Why Justin Fields could be Ryan Pace’s parting gift to the Bears

Justin Fields throws a pass against the Lions. (Photo by Michael Reaves/Getty Images)

Two hours after he traded up to draft Ohio State quarterback Justin Fields on April 29, 2021, then-Bears general manager Ryan Pace bounded downstairs at Halas Hall and sat down in front of a computer for a Zoom conference.

“The excitement throughout our whole building, you could feel it as I walked down here tonight,” he said. “What he’s going to do for the future of our organization.”

Pace was right — eventually. But it was a future Pace wouldn’t be around to see.

After another underwhelming season, Bears chairman George McCaskey, at the urging of advisor Bill Polian, decided to clean house in January. He fired Pace and coach Matt Nagy, replacing them with Ryan Poles and Matt Eberflus.

Eberflus didn’t keep a single Nagy-era position coach. Poles has replaced all but 19 players who were on the 2021 Bears. 

Fields, though, remains. 

In the last month, he has emerged as one of the NFL’s most exciting players, albeit on a 3-7 team. If he continues on the same trajectory that has seen the Bears average 31 points in the last four games, Fields could become Pace’s ultimate parting gift to the organization that fired him: a franchise quarterback.
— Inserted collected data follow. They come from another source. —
(* In the setting described in the context, suppose that for all $t=1,\dots,n$ and $j=1,\dots,m+1$ $$\mathsf E[\mathbf 1_{t,j}]=\frac{\mathsf E\big[G\,\mathbf 1_{\{G\in[\alpha_{j-1},\alpha_j)\}}\big]}{g(\alpha_j)-g(\alpha_{j-1})}\qquad(\ast)$$ and that the random vectors $(\mathbf 1_{t,j})_{j=1,\dots,m+1}$, $t=1,\dots,n$, are independent. Let $X_t=\sum_{j=1}^{m+1}\mathbf 1_{t,j}$ (the number of breached levels). Then for every $t$, $$\mathsf P(X_t\le k)=1-\frac{\mathsf E\big[G\,\mathbf 1_{\{G\in[\alpha_{m-k},\alpha_{m-k+1})\}}\big]}{g(\alpha_{m-k+1})-g(\alpha_{m-k})},\quad 0\le k\le m,\qquad \mathsf P(X_t\le m+1)=1,$$ and the random variables $X_1,\dots,X_n$ are independent.
   Context: Let $n\ge1$ and let $L=(L_t)_{t=1}^n$ and $M=(M_t)_{t=1}^n$ be real-valued stochastic processes on a probability space $(\Omega,\mathcal F,\mathsf P)$. Assume that for each $t$ the conditional distribution function $F_{M_t\mid M_{t-1},\dots,M_1}(x\mid y_{t-1},\dots,y_1)$ is continuous in $x$. Define $q^{t-1}_{M_t}(u)=\inf\{x: F_{M_t\mid M_{t-1},\dots,M_1}(x\mid L_{t-1},\dots,L_1)\ge u\}$. A distortion function is a non-decreasing $g:[0,1]\to[0,1]$ with $g(0)=0$, $g(1)=1$. Let $g$ be a left-continuous distortion function and let $G$ be a $[0,1]$-valued random variable, independent of $L$ and $M$, with $\mathsf P(G<u)=g(u)$ for all $u\in[0,1]$. Let $0=\alpha_0<\alpha_1<\dots<\alpha_m<\alpha_{m+1}=1$ with $g(\alpha_j)-g(\alpha_{j-1})\neq0$ for all $j$. Let $(G_{t,j})_{t\le n,\,j\le m+1}$ be independent random variables, independent of $(L,M)$, with $G_{t,j}$ distributed as $G$ conditional on $G\in[\alpha_{j-1},\alpha_j)$. Set $\mathbf 1_{t,j}=1$ if $L_t>q^{t-1}_{M_t}(1-G_{t,j})$ and $\mathbf 1_{t,j}=0$ otherwise. *)

From HB Require Import structures.
From mathcomp Require Import all_boot all_order all_algebra.
From mathcomp Require Import all_classical all_reals all_analysis.
Set Implicit Arguments.
Unset Strict Implicit.
Unset Printing Implicit Defensive.
Import Order.TTheory GRing.Theory Num.Theory.
Import numFieldNormedType.Exports.
Local Open Scope classical_set_scope.
Local Open Scope ring_scope.

Section defs.
Context {d : measure_display} {Omega : measurableType d} {R : realType}.

Definition mutually_independent (P : probability Omega R) (I : eqType)
    (D : set I) (F : I -> set (set Omega)) : Prop :=
  forall (J : seq I) (E : I -> set Omega), uniq J ->
    (forall i, i \in J -> D i /\ F i (E i)) ->
    P (\bigcap_(i in [set i | i \in J]) E i) = \big[*%E/1%E]_(i <- J) P (E i).

Definition sigmaR (X : Omega -> R) : set (set Omega) :=
  [set X @^-1` B | B in [set B : set R | measurable B]].

Definition sigma_LM (n : nat) (L M : nat -> Omega -> R) : set (set Omega) :=
  <<s [set A | exists s, (1 <= s <= n)%N /\
         exists2 B : set R, measurable B & (A = L s @^-1` B \/ A = M s @^-1` B)] >>.

Definition sigma_past (M : nat -> Omega -> R) (t : nat) : set (set Omega) :=
  <<s [set A | exists s, (1 <= s < t)%N /\
         exists2 B : set R, measurable B & A = M s @^-1` B] >>.

(* Ft x y = F_{M_t | M_{t-1},...,M_1}(x | y_{t-1},...,y_1): a (regular)
   conditional distribution function of M_t given M_{t-1},...,M_1.
   The history (y_{t-1},...,y_1) is encoded as a function y : nat -> R of
   which only the coordinates 1..t-1 matter. *)
Definition is_cond_cdf (P : probability Omega R) (M : nat -> Omega -> R)
    (t : nat) (Ft : R -> (nat -> R) -> R) : Prop :=
  (forall x (y y' : nat -> R), (forall s, (1 <= s < t)%N -> y s = y' s) ->
     Ft x y = Ft x y') /\
  (forall y : nat -> R,
     {homo (fun x => Ft x y) : a b / a <= b} /\
     (forall x, (Ft z y @[z --> x^'+] --> Ft x y)) /\
     (Ft x y @[x --> -oo] --> (0 : R)) /\ (Ft x y @[x --> +oo] --> (1 : R))) /\
  (forall x (A : set R), measurable A ->
     sigma_past M t ((fun w => Ft x (fun s => M s w)) @^-1` A)) /\
  (* defining property of the conditional probability P(M_t <= x | M_{<t}),
     tested on the generating pi-system of rectangles *)
  (forall x (B : nat -> set R), (forall s, measurable (B s)) ->
     let E := \bigcap_(s in [set s | (1 <= s < t)%N]) (M s @^-1` B s) in
     P (E `&` [set w | M t w <= x]) = (\int[P]_(w in E) (Ft x (fun s => M s w))%:E)%E).

(* q^{t-1}_{M_t}(u) = inf {x : F(x | L_{t-1},...,L_1) >= u}, as an extended
   real (inf of the empty set is +oo). *)
Definition cond_quantile (Ft : R -> (nat -> R) -> R) (y : nat -> R) (u : R)
    : \bar R :=
  ereal_inf [set x%:E | x in [set x : R | u <= Ft x y]].

Definition breach (L : nat -> Omega -> R) (F : nat -> R -> (nat -> R) -> R)
    (Gtj : nat -> nat -> Omega -> R) (t j : nat) (w : Omega) : bool :=
  ((cond_quantile (F t) (fun s => L s w) (1 - Gtj t j w)) < (L t w)%:E)%E.

Definition breach_vec L F Gtj (m t : nat) (w : Omega) : seq bool :=
  [seq breach L F Gtj t j w | j <- iota 1 m.+1].

Definition breach_count L F Gtj (m t : nat) (w : Omega) : nat :=
  \sum_(1 <= j < m.+2) breach L F Gtj t j w.

End defs.

Definition itv_co {R : realType} (a b : R) : set R := [set x | a <= x < b].

Definition distortion {R : realType} (g : R -> R) : Prop :=
  g 0 = 0 /\ g 1 = 1 /\
  (forall u, 0 <= u <= 1 -> 0 <= g u <= 1) /\
  (forall u v, 0 <= u -> u <= v -> v <= 1 -> g u <= g v).

(* Almost surely G_{t,j} lies in [alpha_{j-1}, alpha_j), so j |-> G_{t,j} is
   increasing; since the conditional quantile is monotone, the breached levels
   of period t then form a final segment {j0, ..., m+1} of {1, ..., m+1}.
   Hence, up to a null set, X_t <= k exactly when level m-k+1 is not breached,
   and (∗) gives the law of X_t.  Independence of X_1, ..., X_n is inherited
   from that of the breach vectors, X_t being the number of true entries of
   the t-th vector. *)
From HB Require Import structures.
From mathcomp Require Import all_boot all_order all_algebra.
From mathcomp Require Import all_classical all_reals all_analysis.
From mathcomp Require Import zify.
Import Order.TTheory GRing.Theory Num.Theory.
Import numFieldNormedType.Exports.
Local Open Scope classical_set_scope.
Local Open Scope ring_scope.

Lemma sum_nat_of_bool_count (I : Type) (b : pred I) (s : seq I) :
  (\sum_(i <- s) b i)%N = count b s.
Proof. by elim: s => [|x s IHs]; rewrite ?big_nil ?big_cons //= IHs. Qed.

Lemma count_upclosed_iota_leqE (b : pred nat) m k :
  (forall i j, (0 < i)%N -> (i <= j <= m.+1)%N -> b i -> b j) -> (k <= m)%N ->
  (count b (iota 1 m.+1) <= k)%N = ~~ b (m - k).+1.
Proof.
move=> b_up km.
have -> : iota 1 m.+1 = iota 1 (m - k) ++ (m - k).+1 :: iota (m - k).+2 k.
  by rewrite -[in LHS](subnK km) -addnS iotaD add1n.
rewrite count_cat /=; have [bj0|nbj0] /= := boolP (b (m - k).+1).
  have -> : count b (iota (m - k).+2 k) = k.
    rewrite -[RHS](size_iota (m - k).+2); apply/eqP; rewrite -all_count.
    by apply/allP => j; rewrite mem_iota => /andP[j0 jm]; apply: b_up bj0; lia.
  by apply/negbTE; rewrite -ltnNge addnCA add1n ltnS leq_addl.
have -> : count b (iota 1 (m - k)) = 0%N.
  apply/eqP; rewrite -leqn0 leqNgt -has_count; apply/hasPn => j.
  rewrite mem_iota => /andP[j0 jm]; apply: contra nbj0; apply: b_up => //; lia.
by rewrite add0n (leq_trans (count_size _ _)) ?size_iota.
Qed.

Lemma measurable_sum_bool {d} {T : measurableType d} {I : eqType}
    (p : pred nat) (b : I -> T -> bool) (s : seq I) :
  (forall i, i \in s -> measurable [set w | b i w]) ->
  measurable [set w | p (\sum_(i <- s) b i w)%N].
Proof.
elim: s p => [|x s IHs] p mb.
  rewrite (_ : [set w | _] = if p 0%N then setT else set0); first by case: ifP.
  by apply/seteqP; split=> w; rewrite /= big_nil; case: (p 0%N).
have mbx : measurable [set w | b x w] by apply: mb; exact: mem_head.
have {}IHs q := IHs q (fun i si => mb i (@mem_behead _ (x :: s) i si)).
rewrite (_ : [set w | _] =
    [set w | b x w] `&` [set w | p (\sum_(i <- s) b i w)%N.+1] `|`
    ~` [set w | b x w] `&` [set w | p (\sum_(i <- s) b i w)%N]).
  apply: measurableU; apply: measurableI => //.
    exact: (IHs (fun n => p n.+1)).
  exact: measurableC.
apply/seteqP; split=> w; rewrite /= big_cons; case: (b x w) => /=.
- by rewrite add1n => h; left.
- by rewrite add0n => h; right.
- by rewrite add1n => -[[]|[]].
- by rewrite add0n => -[[]|[]].
Qed.

Lemma ae_eq_set_measure d (T : measurableType d) (R : realType)
    (mu : {measure set T -> \bar R}) (A B : set T) :
  measurable A -> measurable B -> {ae mu, forall w, A w <-> B w} -> mu A = mu B.
Proof.
move=> mA mB [N [mN N0 AB]].
have muDN C : measurable C -> mu C = mu (C `\` N).
  move=> mC; rewrite (measureDI mu mC mN).
  by rewrite (@subset_measure0 _ _ _ mu (C `&` N) N) ?adde0 //; exact: measurableI.
rewrite (muDN A mA) (muDN B mB); congr (mu _).
by apply/seteqP; split=> w [Cw Nw]; split=> //; apply/(contra_notP (@AB w) Nw).
Qed.

Lemma measurable_itv_co {R : realType} (a b : R) : measurable (itv_co a b).
Proof.
rewrite (_ : itv_co _ _ = `[a, b[%classic); first exact: measurable_itv.
by apply/seteqP; split=> x; rewrite /= in_itv.
Qed.

Section breach_levels.
Context {d : measure_display} {Omega : measurableType d} {R : realType}.

Lemma mutually_independentS (P : probability Omega R) (I : eqType) (D : set I)
    (F F' : I -> set (set Omega)) :
  (forall i, D i -> F' i `<=` F i) ->
  mutually_independent P D F -> mutually_independent P D F'.
Proof.
move=> F'F indF J E uJ JE; apply: indF => // i iJ.
by have [Di F'Ei] := JE i iJ; split=> //; exact: F'F.
Qed.

Lemma ae_mem_of_cond_law {P : probability Omega R} {Y G : Omega -> R}
    {I : set R} {c : R} :
  measurable I -> measurable_fun setT Y ->
  (forall B, measurable B -> P (Y @^-1` B) = (fine (P (G @^-1` (B `&` I))) / c)%:E) ->
  {ae P, forall w, I (Y w)}.
Proof.
move=> mI mY lawY; exists (Y @^-1` ~` I); split=> //.
  by rewrite -[X in measurable X]setTI; apply: mY => //; exact: measurableC.
by rewrite lawY ?setICl ?preimage_set0 ?measure0 ?mul0r //; exact: measurableC.
Qed.

Lemma cond_quantile_homo (Ft : R -> (nat -> R) -> R) (y : nat -> R) :
  {homo cond_quantile Ft y : u v / u <= v >-> (u <= v)%E}.
Proof.
move=> u v uv; apply: ereal_inf_le_tmp => _ [x vx <-]; exists x => //.
exact: le_trans uv vx.
Qed.

Lemma breach_homo (L : nat -> Omega -> R) (F : nat -> R -> (nat -> R) -> R)
    (Gtj : nat -> nat -> Omega -> R) t i j w :
  Gtj t i w <= Gtj t j w -> breach L F Gtj t i w -> breach L F Gtj t j w.
Proof.
move=> Gij; apply: le_lt_trans; apply: cond_quantile_homo.
by rewrite lerD2l lerN2.
Qed.

Lemma breach_countE (L : nat -> Omega -> R) (F : nat -> R -> (nat -> R) -> R)
    (Gtj : nat -> nat -> Omega -> R) m t w :
  breach_count L F Gtj m t w = count (breach L F Gtj t ^~ w) (iota 1 m.+1).
Proof. by rewrite /breach_count sum_nat_of_bool_count /index_iota subn1. Qed.

End breach_levels.

Lemma increasing_brackets_homo (R : realDomainType) (alpha x : nat -> R) N :
  (forall j, (j <= N)%N -> alpha j < alpha j.+1) ->
  (forall j, (0 < j <= N.+1)%N -> alpha j.-1 <= x j < alpha j) ->
  forall i j, (0 < i)%N -> (i <= j <= N.+1)%N -> x i <= x j.
Proof.
move=> alpha_lt x_in i j i0 /andP[ij jN].
have alpha_le :
    {in [pred k | (k <= N.+1)%N] &, {homo alpha : k l / (k <= l)%N >-> k <= l}}.
  apply: homo_leq_in => [k|l k r|k l|k _].
  - exact: le_refl.
  - exact: le_trans.
  - by move=> _; rewrite inE => lN k' /andP[_ k'l]; rewrite inE; lia.
  - by rewrite inE ltnS => kN; exact/ltW/alpha_lt.
have [<-//|ltij] := eqVneq i j.
have /andP[_ xi_lt] := x_in i ltac:(lia); have /andP[xj_ge _] := x_in j ltac:(lia).
apply/ltW/(lt_le_trans xi_lt)/(le_trans _ xj_ge)/alpha_le; rewrite ?inE; lia.
Qed.

Theorem lemma3p2 (d : measure_display) (Omega : measurableType d)
  (R : realType) (P : probability Omega R) (n m : nat)
  (L M : nat -> Omega -> R) (F : nat -> R -> (nat -> R) -> R)
  (g : R -> R) (G : Omega -> R) (alpha : nat -> R)
  (Gtj : nat -> nat -> Omega -> R) :
  (1 <= n)%N ->
  (forall t, (1 <= t <= n)%N ->
     measurable_fun setT (L t) /\ measurable_fun setT (M t)) ->
  (forall t, (1 <= t <= n)%N -> is_cond_cdf P M t (F t)) ->
  (forall t (y : nat -> R), (1 <= t <= n)%N -> continuous (fun x => F t x y)) ->
  distortion g ->
  (forall u, 0 < u <= 1 -> g x @[x --> u^'-] --> g u) ->
  measurable_fun setT G ->
  (forall w, 0 <= G w <= 1) ->
  (forall u, 0 <= u <= 1 -> P [set w | G w < u] = (g u)%:E) ->
  mutually_independent P setT
    (fun b : bool => if b then sigmaR G else sigma_LM n L M) ->
  alpha 0%N = 0 -> alpha m.+1 = 1 ->
  (forall j, (j <= m)%N -> alpha j < alpha j.+1) ->
  (forall j, (1 <= j <= m.+1)%N -> g (alpha j) - g (alpha j.-1) != 0) ->
  (forall t j, (1 <= t <= n)%N -> (1 <= j <= m.+1)%N ->
     measurable_fun setT (Gtj t j) /\
     forall B : set R, measurable B ->
       P (Gtj t j @^-1` B) =
       (fine (P (G @^-1` (B `&` itv_co (alpha j.-1) (alpha j))))
        / fine (P (G @^-1` itv_co (alpha j.-1) (alpha j))))%:E) ->
  mutually_independent P
    (fun i : option (nat * nat) => match i with
       | None => True
       | Some (t, j) => (1 <= t <= n)%N /\ (1 <= j <= m.+1)%N end)
    (fun i => match i with
       | None => sigma_LM n L M
       | Some (t, j) => sigmaR (Gtj t j) end) ->
  (forall t j, (1 <= t <= n)%N -> (1 <= j <= m.+1)%N ->
     measurable [set w | breach L F Gtj t j w]) ->
  (* assumption (∗) *)
  (forall t j, (1 <= t <= n)%N -> (1 <= j <= m.+1)%N ->
     P [set w | breach L F Gtj t j w] =
     (fine (\int[P]_(w in G @^-1` itv_co (alpha j.-1) (alpha j)) (G w)%:E)%E
      / (g (alpha j) - g (alpha j.-1)))%:E) ->
  mutually_independent P [set t | (1 <= t <= n)%N]
    (fun t => [set [set w | S (breach_vec L F Gtj m t w)] | S in [set: set (seq bool)]]) ->
  (forall t, (1 <= t <= n)%N ->
     (forall k, (k <= m)%N ->
        P [set w | (breach_count L F Gtj m t w <= k)%N] =
        (1 - fine (\int[P]_(w in G @^-1` itv_co (alpha (m - k)%N) (alpha (m - k)%N.+1))
                      (G w)%:E)%E
             / (g (alpha (m - k)%N.+1) - g (alpha (m - k)%N)))%:E) /\
     P [set w | (breach_count L F Gtj m t w <= m.+1)%N] = 1%E) /\
  mutually_independent P [set t | (1 <= t <= n)%N]
    (fun t => [set breach_count L F Gtj m t @^-1` S | S in [set: set nat]]).
Proof.
(* The hypotheses on L, M, F, g, G and the independence of the G_{t,j} only
   make (∗) meaningful; the argument itself does not use them. *)
move=> _ _ _ _ _ _ _ _ _ _ _ _ alpha_lt _ lawGtj _ mbreach star indep_vec.
split; last first.
  apply: mutually_independentS indep_vec => t _ _ [S _ <-].
  exists [set v | S (count id v)] => //.
  by apply/funext => w; rewrite /preimage /= breach_countE count_map.
move=> t tn.
have ae_bracket : {ae P, forall w j, (0 < j <= m.+1)%N ->
    alpha j.-1 <= Gtj t j w < alpha j}.
  apply: ae_foralln => j; have [jm|jm] := boolP (0 < j <= m.+1)%N; last first.
    by apply: aeW => w /negP.
  have [mGtj lawG] := lawGtj t j tn jm.
  by apply: filterS (ae_mem_of_cond_law (measurable_itv_co _ _) mGtj lawG) => w + _.
have ae_upclosed : {ae P, forall w i j, (0 < i)%N -> (i <= j <= m.+1)%N ->
    breach L F Gtj t i w -> breach L F Gtj t j w}.
  apply: filterS ae_bracket => w inbr i j i0 ij.
  apply: breach_homo.
  exact: (@increasing_brackets_homo _ alpha (Gtj t ^~ w) m alpha_lt inbr i j i0 ij).
split=> [k km|].
- have jm : (0 < (m - k).+1 <= m.+1)%N by lia.
  transitivity (P (~` [set w | breach L F Gtj t (m - k).+1 w])); last first.
    rewrite probability_setC ?(star t _ tn jm) ?EFinB //; exact: mbreach.
  apply: ae_eq_set_measure.
  + rewrite /breach_count; apply: (measurable_sum_bool (fun c => c <= k)%N) => j.
    by rewrite mem_index_iota; exact: mbreach.
  + exact/measurableC/mbreach.
  apply: filterS ae_upclosed => w up.
  by rewrite /= breach_countE count_upclosed_iota_leqE //; split=> /negP.
- rewrite [X in P X](_ : _ = setT) ?probability_setT //.
  apply/seteqP; split=> // w _.
  by rewrite /= breach_countE (leq_trans (count_size _ _)) ?size_iota.
Qed.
It would be an ironic twist for a general manager whose seven-year Bears career is best-remembered for him trading up to draft another quarterback, Mitch Trubisky, instead of Patrick Mahomes and Deshaun Watson in 2017. 

The Bears released Trubisky after four seasons. In fact, no first-round draft pick chosen by Pace received a second contract from the Bears. Fields is his last hope. If he turns out to be the dynamic quarterback the franchise has coveted since Sid Luckman retired in 1950, Pace’s tenure — in which the Bears went 48-67 with two playoff losses — will be remembered far more fondly.

Pace would have to enjoy that satisfaction from afar. Less than two months after the Bears fired him, he joined the Falcons — the Bears’ opponent Sunday — as a senior personnel executive. He declined comment for this story.

Pace should be credited for taking the long view of the franchise and trading up for Fields — he gave the Giants the No. 20 pick in 2021, a 2021 fifth-rounder, a 2022 first-rounder and a 2022 fourth-rounder — even though he knew his job was riding on a must-win season.

GMs rarely make such moves. While coaching changes after a quarterback’s first season are fairly common, front-office makeovers aren’t. Pace was the first GM since 2016 to get fired at the end of a season in which he drafted a quarterback in the first round. The last to do so was the Titans’ Ruston Webster, who had selected quarterback Marcus Mariota second overall about eight months before his ouster.

Two GMs since have left their posts after drafting quarterbacks, but both were retirements planned months in advance. The Ravens’ Ozzie Newsome left after drafting Lamar Jackson in 2018, and the Steelers’ Kevin Colbert retired days after picking Kenny Pickett in the first round in April.

History might prove Pace right for picking Fields. But it shouldn’t ignore what happened afterward. Pace and Nagy believed Fields had the skills to become perhaps the greatest quarterback in Bears history, yet they announced on draft night that he would be the backup to Andy Dalton.

It took a knee injury to Dalton to force Fields into regular game action. Later, when both quarterbacks were healthy, Nagy even asked McCaskey his opinion on which player to start. That made the chairman uncomfortable. He believed it was a decision best left to the coach. McCaskey cited the incident after firing Nagy. Fields’ 10 inconsistent starts last season — and the Bears’ 6-11 record — weren’t enough to save Pace’s or Nagy’s job.

The presence of a first-round quarterback, though, made their vacancies more attractive.

Eberflus certainly noticed. In January, he went deep into the interview process with the Jaguars, who had No. 1 overall pick Trevor Lawrence, and the Bears. Having a young quarterback in place was appealing.

“When you’re looking at different types of places to go, you take spots for that reason,” he said. “The No. 1 spot you look at is quarterback. You study and look at that, and I loved what I saw. I’m loving what I’m seeing even more since I’ve been here for this amount of time. …

“The athleticism, the toughness, the grit, the ability to make special plays. And he’s done that.”